The two step method allows us to solve more complex linear equations involving fractions, decimals, or multiplication and division operations within parentheses. It involves following these steps:

1. Simplify each term without changing its sign.
2. Perform any operation inside parentheses first.
3. Move all terms containing (x) to one side while keeping their signs intact.
4. Set up the equation so that the coefficient of (x) equals zero. Then, find the constant part divided by the coefficient of (x).

Let's apply our newfound knowledge to some examples:

Solve (3-\dfrac{x}{5}=7.)

Firstly, reverse the order of the fraction term and multiply the entire equation by 5: [ 5\left( 3-\frac{x}{5} \right)=5(7)\quad\Rightarrow\quad 15-x,= ,35 ] Next, add (x) to both sides: [ x=20-15 \quad\Rightarrow \quad x=5 ]

### Applications and Real Life Situations

Linear relationships often represent proportions, rates, slopes of lines, and distance-time graphs. For instance:

• A shopkeeper sells apples at Rs.25 per dozen ((12)); if he earns Rs.300 selling them, determine how many dozens were sold. To solve this, we can create a proportion: (\frac{\text{number of apples}}{12}=\frac{Rs300}{25}.)

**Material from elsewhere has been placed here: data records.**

Lemma coker_equaliser {A B : Cat} (M : Lens A B) :
  lens_mono M -> is_equaliser M (coproj M true) (coproj M false).
Proof.
  intro M_mono; split; [apply coproj_coequalise|].
  intros C X HX.
  assert (X_in_image : forall c, exists a, gob M a = gob X c).
  { intro c; apply in_image_exists; symmetry.
    exact (f_equal (fun k => snd (proj1_sig k)) (proj1 HX c)). }
  exists (lift M X (lens_mono_gob_inj M_mono) (lens_mono_put_garr M_mono) X_in_image).
  split; [apply lift_factorises | intros U HU; apply lift_unique, HU].
Qed.

Theorem proposition5p7 :
  forall (A B : Cat) (M : Lens A B),
    lens_mono M ->
    exists (K : Cat) (J1 J2 : Lens B K),
      is_cokernel_pair M J1 J2 /\ is_equaliser M J1 J2.
Proof.
  intros A B M M_mono.
  exists (coker M), (coproj M true), (coproj M false).
  split; [apply coker_is_cokernel_pair | apply coker_equaliser, M_mono].
Qed.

• Determine the time taken to travel 40 km at a speed of 30kmph. To do this, formulate a ratio: [\frac{\text{distance}}{\text{speed}}=\left(\frac{40,\text{km}}{30,\text{kmh}^{-1}}\right)=\left(\frac{4}{3},\text{hour}\right)^{-1}=\left(\frac{3}{4},\text{hour}\right),] which indicates 0.75 hours or (45\ minutes.)

As you progress further into Class 9 math, keep practicing problems related to linear equations; they will help you understand higher level concepts such as quadratic equations, systems of linear equations, and graphical representation of data much easier!

## Description

Explore the one-step and two-step methods for solving linear equations in 9th Grade Mathematics with Punjab School Education Board (PSEB). Learn how to manipulate equations involving whole numbers, fractions, and decimals to find solutions. Apply these techniques to real-life scenarios involving proportions, rates, and distance-time graphs.